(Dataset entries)
Lemma card_ksets_split (P : pred {set 'I_n}) j :
  #|ksets n N j.+1 P| + #|ksets n N j (fun X => P (e |: X))| <=
    #|ksets n N.+1 j.+1 P|.
Proof.
have e_notin (X : {set 'I_n}) : X \subset initseg n N -> e \notin X.
  by move=> sX; apply: notin_initseg_last => y /(subsetP sX); rewrite in_initseg.
rewrite -(cardsID [set X : {set 'I_n} | e \in X] (ksets n N.+1 j.+1 P)).
rewrite [X in _ <= X]addnC; apply: leq_add.
  apply: subset_leq_card; apply/subsetP => X; rewrite !inE.
  move=> /andP [/andP [sX cX] PX]; rewrite cX PX e_notin // !andbT.
  exact: subset_trans sX (initseg_subset _ _).
have inj : {in ksets n N j (fun X => P (e |: X)) &, injective (fun X => e |: X)}.
  move=> X1 X2; rewrite !inE => /andP [/andP [s1 _] _] /andP [/andP [s2 _] _] E.
  by rewrite -(setU1K (e_notin _ s1)) -(setU1K (e_notin _ s2)) E.
rewrite -(card_in_imset inj); apply: subset_leq_card; apply/subsetP => Z.
case/imsetP => X; rewrite !inE => /andP [/andP [sX /eqP cX] PX] ->.
rewrite PX setU11 cardsU1 e_notin // cX eqxx !andbT.
apply/subsetP => z; rewrite !inE => /orP [/eqP -> | /(subsetP sX)].
  by rewrite eN.
by rewrite in_initseg => /ltnW.
Qed.

End LastPoint.
(* Let $n\ge 4$ be an even integer and $k\ge 3$ an integer. Then $\psi(C_n\square P_k)=4$.
   Context: All graphs are finite and connected; $d(u,v)$ is the shortest-path distance. $C_n$ is the cycle on $n$ vertices and $P_k$ the path on $k$ vertices. The cartesian product $G\square H$ has vertex set $V(G)\times V(H)$, with $(g_1,h_1)$ adjacent to $(g_2,h_2)$ iff either $h_1=h_2$ and $g_1g_2\in E(G)$, or $g_1=g_2$ and $h_1h_2\in E(H)$. For an ordered set $Q=\{q_1,\dots,q_l\}$ of vertices, $r(x|Q)=(d(x,q_1),\dots,d(x,q_l))$. $Q$ is a doubly resolving set of $G$ if for any two distinct vertices $x,y$ of $G$, $r(x|Q)-r(y|Q)\neq\lambda(1,\dots,1)$ for every integer $\lambda$. $\psi(G)$ denotes the minimum size of a doubly resolving set of $G$. *)

From mathcomp Require Import all_boot all_order all_algebra.
Set Implicit Arguments. Unset Strict Implicit. Unset Printing Implicit Defensive.

Definition walk_len (T : finType) (e : rel T) (x y : T) (m : nat) : bool :=
  [exists p : m.-tuple T, path e x p && (last x p == y)].

(* shortest-path distance: least m such that a walk of length m from x to y
   exists (in a connected graph such an m is < #|T|). *)
Definition dist (T : finType) (e : rel T) (x y : T) : nat :=
  find (walk_len e x y) (iota 0 #|T|).

Definition cycle_rel (n : nat) : rel 'I_n :=
  fun i j => (j == (i.+1 %% n) :> nat) || (i == (j.+1 %% n) :> nat).

Definition path_rel (k : nat) : rel 'I_k :=
  fun i j => (j == i.+1 :> nat) || (i == j.+1 :> nat).

Definition boxprod (T1 T2 : finType) (e1 : rel T1) (e2 : rel T2) : rel (T1 * T2) :=
  fun a b => ((a.2 == b.2) && e1 a.1 b.1) || ((a.1 == b.1) && e2 a.2 b.2).

Definition doubly_resolving (T : finType) (e : rel T) (Q : {set T}) : Prop :=
  forall x y : T, x != y ->
    ~ exists lam : int, forall q, q \in Q ->
        ((dist e x q)%:Z - (dist e y q)%:Z)%R = lam.

Definition psi_eq (T : finType) (e : rel T) (m : nat) : Prop :=
  (exists Q : {set T}, doubly_resolving e Q /\ #|Q| = m) /\
  (forall Q : {set T}, doubly_resolving e Q -> m <= #|Q|).

(* In C_n □ P_k the distance between (i, j) and (a, b) is the cycle distance
   of i and a plus |j - b|.  For n = 2m the vertices (0,0), (m,0), (1,0) and
   (0,k-1) doubly resolve the graph: comparing with (0,0), the vertex (0,k-1)
   recovers the row, (m,0) the cycle distance to column 0 (the cycle distances
   to two antipodal vertices add up to m), and (1,0) the side of column 0.
   Conversely three vertices never suffice: if none of them lies in the bottom
   row, two vertically adjacent vertices of the bottom two rows have constant
   distance difference to all of them, and symmetrically for the top row.
   Otherwise, after rotating the cycle so that a bottom vertex sits at (0,0),
   a finite case analysis on the columns of the top vertex and of the third
   vertex produces an explicit unresolved pair. *)

From mathcomp Require Import all_boot all_order all_algebra zify.
Set Implicit Arguments. Unset Strict Implicit. Unset Printing Implicit Defensive.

_DESCRIPTION OF THE TASK_
Could you please copy the lines above exactly, beginning at the first and ending at the line that contains "(* Let $n\ge"?

_OUTPUT OF THE TASK_
Lemma card_ksets_split (P : pred {set 'I_n}) j :
  #|ksets n N j.+1 P| + #|ksets n N j (fun X => P (e |: X))| <=
    #|ksets n N.+1 j.+1 P|.
Proof.
have e_notin (X : {set 'I_n}) : X \subset initseg n N -> e \notin X.
  by move=> sX; apply: notin_initseg_last => y /(subsetP sX); rewrite in_initseg.
rewrite -(cardsID [set X : {set 'I_n} | e \in X] (ksets n N.+1 j.+1 P)).
rewrite [X in _ <= X]addnC; apply: leq_add.
  apply: subset_leq_card; apply/subsetP => X; rewrite !inE.
  move=> /andP [/andP [sX cX] PX]; rewrite cX PX e_notin // !andbT.
  exact: subset_trans sX (initseg_subset _ _).
have inj : {in ksets n N j (fun X => P (e |: X)) &, injective (fun X => e |: X)}.
  move=> X1 X2; rewrite !inE => /andP [/andP [s1 _] _] /andP [/andP [s2 _] _] E.
  by rewrite -(setU1K (e_notin _ s1)) -(setU1K (e_notin _ s2)) E.
rewrite -(card_in_imset inj); apply: subset_leq_card; apply/subsetP => Z.
case/imsetP => X; rewrite !inE => /andP [/andP [sX /eqP cX] PX] ->.
rewrite PX setU11 cardsU1 e_notin // cX eqxx !andbT.
apply/subsetP => z; rewrite !inE => /orP [/eqP -> | /(subsetP sX)].
  by rewrite eN.
by rewrite in_initseg => /ltnW.
Qed.

End LastPoint.
(* Let $n\ge 4$ be an even integer and $k\ge 3$ an integer. Then $\psi(C_n\square P_k)=4$.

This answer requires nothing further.